What to work on: Copy, exactly and without additions, every line in the records below from the one holding "apply: (eq_lincomb s" through the one holding "have det' : a' * d' - b' * c' != 0.", both ends included.

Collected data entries

Lemma happ_nzpt {P : pt} : nzpt P -> nzpt (happ f g P).
Proof.
have [size_f size_g] := size_deg2; case/andP: (deg2) => cop /eqP max3.
case: P => x y; rewrite /nzpt /happ /= => nzP; rewrite -negb_and.
apply/negP => /andP [/eqP fxy0 /eqP gxy0].
have [y0|y_neq0] := eqVneq y 0.
  move: nzP fxy0 gxy0; rewrite y0 eqxx orbF !hom2E !expr0n /= !mulr0 !add0r => x_neq0.
  have x2_neq0 : x ^+ 2 != 0 by rewrite expf_neq0.
  move=> /eqP; rewrite mulf_eq0 (negbTE x2_neq0) orbF fmorph_eq0 => /eqP f2.
  move=> /eqP; rewrite mulf_eq0 (negbTE x2_neq0) orbF fmorph_eq0 => /eqP g2.
  suff : (maxn (size f) (size g) <= 2)%N by rewrite max3.
  by rewrite geq_max (size_poly_leq_coef0 size_f f2) (size_poly_leq_coef0 size_g g2).
have /coprimep_root : coprimep (map_poly ratr f) (map_poly (ratr : rat -> algC) g).
  by rewrite coprimep_map.
move=> /(_ (x / y)); rewrite /root !horner_map_size3 //.
have hom2_aff (h : {poly rat}) :
    ratr h`_0 + ratr h`_1 * (x / y) + ratr h`_2 * (x / y) ^+ 2 = hom2 h (x, y) / y ^+ 2.
  by rewrite hom2E; field.
by rewrite !hom2_aff fxy0 gxy0 mul0r eqxx => /(_ isT).
Qed.

End Degree2.

(** * The normal form of a critical 2-cycle *)

(* x |-> (D + a x) / (b x^2), with critical 2-cycle {0, oo} and 0 critical *)
Definition normal_map (D a b : algC) (U : pt) : pt :=
  (D * U.2 ^+ 2 + a * U.1 * U.2, b * U.1 ^+ 2).

Definition normal_coef_a (f g : {poly rat}) (p q r s : algC) : algC :=
  q * hom2 f (r + p, s + q) - p * hom2 g (r + p, s + q) - (r * q - p * s).

Definition normal_coef_b (f g : {poly rat}) (r s : algC) : algC :=
  r * hom2 g (r, s) - s * hom2 f (r, s).

Lemma normal_coef_Crat f g {p q r s : algC} :
  p \in Crat -> q \in Crat -> r \in Crat -> s \in Crat ->
  normal_coef_a f g p q r s \in Crat /\ normal_coef_b f g r s \in Crat.
Proof. by move=> pC qC rC sC; rewrite !(rpredB, rpredD, rpredM, hom2_Crat). Qed.

Section NormalFormCoordinates.

Context {f g : {poly rat}} {p q r s : algC}.
Hypothesis image_P : happ f g (p, q) = (r, s).
Hypothesis period2_P : period2 f g (p, q).

Lemma period2_det_neq0 : r * q - p * s != 0.
Proof. by case: period2_P; rewrite image_P /peq /= subr_eq0. Qed.

Lemma normal_coef_b_neq0 : is_deg2 f g -> normal_coef_b f g r s != 0.
Proof.
move=> deg2; case: period2_P; rewrite image_P /peq /= => nzP /eqP back _.
have D_neq0 := period2_det_neq0; set b := normal_coef_b f g r s.
have nzQ : nzpt (r, s) by rewrite -image_P happ_nzpt.
apply: contraTneq (happ_nzpt deg2 nzQ) => b0; rewrite /nzpt /happ /= negb_or !negbK.
have fQ : hom2 f (r, s) * (r * q - p * s) = 0.
  apply: (eq_lincomb r back); apply: (eq_lincomb p b0).
  by rewrite /b /normal_coef_b; ring.
have gQ : hom2 g (r, s) * (r * q - p * s) = 0.
  apply: (eq_lincomb s back); apply: (eq_lincomb q b0).
  by rewrite /b /normal_coef_b; ring.
by apply/andP; split; [move/eqP: fQ | move/eqP: gQ];
  rewrite mulf_eq0 (negbTE D_neq0) orbF.
Qed.

(* [mob r p s q] sends (1, 0) to phi(P) and (0, 1) to P. *)
Lemma normal_form_conj : critical f g (p, q) -> forall U,
  happ f g (mob r p s q U) = scale_pt (r * q - p * s)^-1
    (mob r p s q (normal_map (r * q - p * s)
       (normal_coef_a f g p q r s) (normal_coef_b f g r s) U)).
Proof.
move=> [_ [c crit]]; have D_neq0 := period2_det_neq0.
case: period2_P; rewrite image_P /peq /= => _ /eqP back _.
rewrite image_P /= in crit; case: image_P => f_P g_P.
set D := r * q - p * s.
set a := normal_coef_a _ _ _ _ _ _; set b := normal_coef_b _ _ _ _.
have b_crit : b = - c * D ^+ 2.
  by apply: (eq_lincomb (-1) (crit r s)); rewrite /b /normal_coef_b /D; ring.
case=> X Y; rewrite /mob /happ /scale_pt /normal_map /=.
set x := r * X + p * Y; set y := s * X + q * Y.
have img1 : b * X ^+ 2 = r * hom2 g (x, y) - s * hom2 f (x, y).
  by apply: (eq_lincomb 1 (crit x y)); rewrite b_crit /x /y /D; ring.
have img2 : q * hom2 f (x, y) - p * hom2 g (x, y) = D * Y ^+ 2 + a * X * Y.
  rewrite /x /y !hom2_comb f_P g_P /a /normal_coef_a /D.
  by apply: (eq_lincomb (X ^+ 2 - X * Y) back); ring.
by rewrite -img2 img1 /D; congr pair; field.
Qed.

End NormalFormCoordinates.

Lemma hom2_phiv_num v (X Y : algC) :
  hom2 (phiv_num v) (X, Y) = ratr v * (X * Y - Y ^+ 2).
Proof.
rewrite hom2E /phiv_num !(coefZ, coefB, coefX, coefC) /=.
rewrite !rmorphM !rmorphB /= rmorph0 rmorph1; ring.
Qed.

Lemma hom2_phiv_den (X Y : algC) : hom2 phiv_den (X, Y) = X ^+ 2.
Proof. by rewrite hom2E /phiv_den !coefXn /= rmorph0 rmorph1; ring. Qed.

Section NormalForm.

Context {f g : {poly rat}} {r p s q a b : algC}.
Local Notation D := (r * q - p * s).
Hypothesis D_neq0 : D != 0.
Hypothesis conjE : forall U,
  happ f g (mob r p s q U) = scale_pt D^-1 (mob r p s q (normal_map D a b U)).

Lemma normal_map_a0_nontrivial_aut (w : algC) :
  a = 0 -> w != 1 -> w ^+ 3 = 1 -> ~ trivial_aut f g.
Proof.
move=> a0 w_neq1 w3 triv; rewrite -subr_eq0 in w_neq1.
(* M diag(w, 1) adj(M), for M the matrix of [mob r p s q] *)
pose a' := w * r * q - p * s; pose b' := p * r * (1 - w).
pose c' := s * q * (w - 1); pose d' := q * r - w * p * s.
have det' : a' * d' - b' * c' != 0.
  have -> : a' * d' - b' * c' = w * D ^+ 2 by rewrite /a' /b' /c' /d'; ring.
  rewrite mulf_neq0 ?expf_neq0 //; apply/eqP => w0.
  by move/eqP: w3; rewrite w0 expr0n eq_sym oner_eq0.
have rotE V :
    mob a' b' c' d' (mob r p s q V) = scale_pt D (mob r p s q (w * V.1, V.2)).
  by rewrite /mob /scale_pt /a' /b' /c' /d' /=; congr pair; ring.
have comm P :
    nzpt P -> peq (happ f g (mob a' b' c' d' P)) (mob a' b' c' d' (happ f g P)).
  move=> _; rewrite -(mob_adjK P D_neq0); set W := scale_pt _ _.
  rewrite rotE happ_scale !conjE mob_scale rotE.
  rewrite peq_scalel ?expf_neq0 // peq_scalel ?invr_neq0 // peq_scaler ?invr_neq0 //.
  rewrite peq_scaler // peq_mob // /peq /normal_map a0 /=; apply/eqP.
  by rewrite -[LHS]mulr1 -w3; ring.
have [b'0 c'0 a'd'] := triv a' b' c' d' det' comm.
have pr0 : p * r = 0.
  by apply/eqP; move/eqP: b'0; rewrite mulf_eq0 -opprB oppr_eq0 (negbTE w_neq1) orbF.
have sq0 : s * q = 0.
  by apply/eqP; move/eqP: c'0; rewrite mulf_eq0 (negbTE w_neq1) orbF.
have /eqP : (w - 1) * (r * q + p * s) = 0.
  by apply: (eq_lincomb 1 a'd'); rewrite /a' /d'; ring.
rewrite mulf_eq0 (negbTE w_neq1) /= => /eqP sum0.
suff : D ^+ 2 = 0 by move/eqP; rewrite expf_eq0 (negbTE D_neq0).
have -> : D ^+ 2 = (r * q + p * s) ^+ 2 - 4 * (p * r) * (s * q) by ring.
by rewrite sum0 pr0 sq0; ring.
Qed.

Lemma normal_form_a_neq0 : trivial_aut f g -> a != 0.
Proof.
move=> triv; apply/eqP => a0; have [w w_neq1 w3] := cube_root_unity.
exact: normal_map_a0_nontrivial_aut a0 w_neq1 w3 triv.
Qed.

Lemma normal_critical {W : pt} : b != 0 -> W.1 != 0 ->
  critical f g (mob r p s q W) -> a * W.1 + 2 * D * W.2 = 0.
Proof.
case: W => W1 W2 /= b_neq0 W1_neq0 [_ [c crit]].
have critZ Z1 Z2 : b * W1 ^+ 2 * (D * Z2 ^+ 2 + a * Z1 * Z2)
    - (D * W2 ^+ 2 + a * W1 * W2) * (b * Z1 ^+ 2)
    = c * D ^+ 3 * (W2 * Z1 - W1 * Z2) ^+ 2.
  have := crit (mob r p s q (Z1, Z2)).1 (mob r p s q (Z1, Z2)).2.
  rewrite -[hom2 f _]/(happ f g _).1 -[hom2 g _]/(happ f g _).2 -surjective_pairing.
  rewrite !conjE /scale_pt /mob /normal_map /= => critZ.
  by apply: (eq_lincomb D critZ); field.
have W12_neq0 : W1 ^+ 2 != 0 by rewrite expf_neq0.
have c_eq : c * D ^+ 3 = b * D.
  by apply: (mulIf W12_neq0); apply: (eq_lincomb (-1) (critZ 0 1)); ring.
have /eqP : b * W1 * (a * W1 + 2 * D * W2) = 0.
  apply: (eq_lincomb 1 (critZ 1 1)); apply: (eq_lincomb (-1) (critZ 0 1)).
  apply: (eq_lincomb (-1) (critZ 1 0)); apply: (eq_lincomb (-2 * W1 * W2) c_eq).
  ring.
by rewrite !mulf_eq0 (negbTE b_neq0) (negbTE W1_neq0) => /eqP.
Qed.

(* Being 2-periodic would force a^3 = 8 D^2 b, which makes the point fixed. *)
Lemma normal_critical_not_period2 {W : pt} : a != 0 -> b != 0 -> W.1 != 0 ->
  a * W.1 + 2 * D * W.2 = 0 -> ~ period2 f g (mob r p s q W).
Proof.
case: W => W1 W2 /= a_neq0 b_neq0 W1_neq0 W_crit [_ per nfix].
rewrite !conjE happ_scale conjE peq_scalel ?expf_neq0 ?invr_neq0 //
  peq_scalel ?invr_neq0 // peq_mob // in per.
rewrite conjE peq_scalel ?invr_neq0 // peq_mob // in nfix.
have two_neq0 : (2 : algC) != 0 by rewrite pnatr_eq0.
have W2E : W2 = - (a * W1) / (2 * D).
  by apply: (eq_lincomb (2 * D)^-1 W_crit); field.
move: per nfix; rewrite W2E /peq /normal_map /= => /eqP per.
have cycle_eq : a ^+ 3 - 8 * D ^+ 2 * b = 0.
  have k_neq0 : W1 ^+ 5 * b * a / (16 * D ^+ 2) != 0.
    have sixteen_neq0 : (16 : algC) != 0 by rewrite pnatr_eq0.
    by rewrite !mulf_neq0 ?invr_neq0 ?expf_neq0 ?mulf_neq0 ?expf_neq0.
  by apply: (mulfI k_neq0); rewrite mulr0; apply: (eq_lincomb 1 per); field.
move/negP; apply; apply/eqP.
by apply: (eq_lincomb (W1 ^+ 3 / (8 * D ^+ 2)) cycle_eq); field.
Qed.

Solution for this problem:
  apply: (eq_lincomb s back); apply: (eq_lincomb q b0).
  by rewrite /b /normal_coef_b; ring.
by apply/andP; split; [move/eqP: fQ | move/eqP: gQ];
  rewrite mulf_eq0 (negbTE D_neq0) orbF.
Qed.

(* [mob r p s q] sends (1, 0) to phi(P) and (0, 1) to P. *)
Lemma normal_form_conj : critical f g (p, q) -> forall U,
  happ f g (mob r p s q U) = scale_pt (r * q - p * s)^-1
    (mob r p s q (normal_map (r * q - p * s)
       (normal_coef_a f g p q r s) (normal_coef_b f g r s) U)).
Proof.
move=> [_ [c crit]]; have D_neq0 := period2_det_neq0.
case: period2_P; rewrite image_P /peq /= => _ /eqP back _.
rewrite image_P /= in crit; case: image_P => f_P g_P.
set D := r * q - p * s.
set a := normal_coef_a _ _ _ _ _ _; set b := normal_coef_b _ _ _ _.
have b_crit : b = - c * D ^+ 2.
  by apply: (eq_lincomb (-1) (crit r s)); rewrite /b /normal_coef_b /D; ring.
case=> X Y; rewrite /mob /happ /scale_pt /normal_map /=.
set x := r * X + p * Y; set y := s * X + q * Y.
have img1 : b * X ^+ 2 = r * hom2 g (x, y) - s * hom2 f (x, y).
  by apply: (eq_lincomb 1 (crit x y)); rewrite b_crit /x /y /D; ring.
have img2 : q * hom2 f (x, y) - p * hom2 g (x, y) = D * Y ^+ 2 + a * X * Y.
  rewrite /x /y !hom2_comb f_P g_P /a /normal_coef_a /D.
  by apply: (eq_lincomb (X ^+ 2 - X * Y) back); ring.
by rewrite -img2 img1 /D; congr pair; field.
Qed.

End NormalFormCoordinates.

Lemma hom2_phiv_num v (X Y : algC) :
  hom2 (phiv_num v) (X, Y) = ratr v * (X * Y - Y ^+ 2).
Proof.
rewrite hom2E /phiv_num !(coefZ, coefB, coefX, coefC) /=.
rewrite !rmorphM !rmorphB /= rmorph0 rmorph1; ring.
Qed.

Lemma hom2_phiv_den (X Y : algC) : hom2 phiv_den (X, Y) = X ^+ 2.
Proof. by rewrite hom2E /phiv_den !coefXn /= rmorph0 rmorph1; ring. Qed.

Section NormalForm.

Context {f g : {poly rat}} {r p s q a b : algC}.
Local Notation D := (r * q - p * s).
Hypothesis D_neq0 : D != 0.
Hypothesis conjE : forall U,
  happ f g (mob r p s q U) = scale_pt D^-1 (mob r p s q (normal_map D a b U)).

Lemma normal_map_a0_nontrivial_aut (w : algC) :
  a = 0 -> w != 1 -> w ^+ 3 = 1 -> ~ trivial_aut f g.
Proof.
move=> a0 w_neq1 w3 triv; rewrite -subr_eq0 in w_neq1.
(* M diag(w, 1) adj(M), for M the matrix of [mob r p s q] *)
pose a' := w * r * q - p * s; pose b' := p * r * (1 - w).
pose c' := s * q * (w - 1); pose d' := q * r - w * p * s.
have det' : a' * d' - b' * c' != 0.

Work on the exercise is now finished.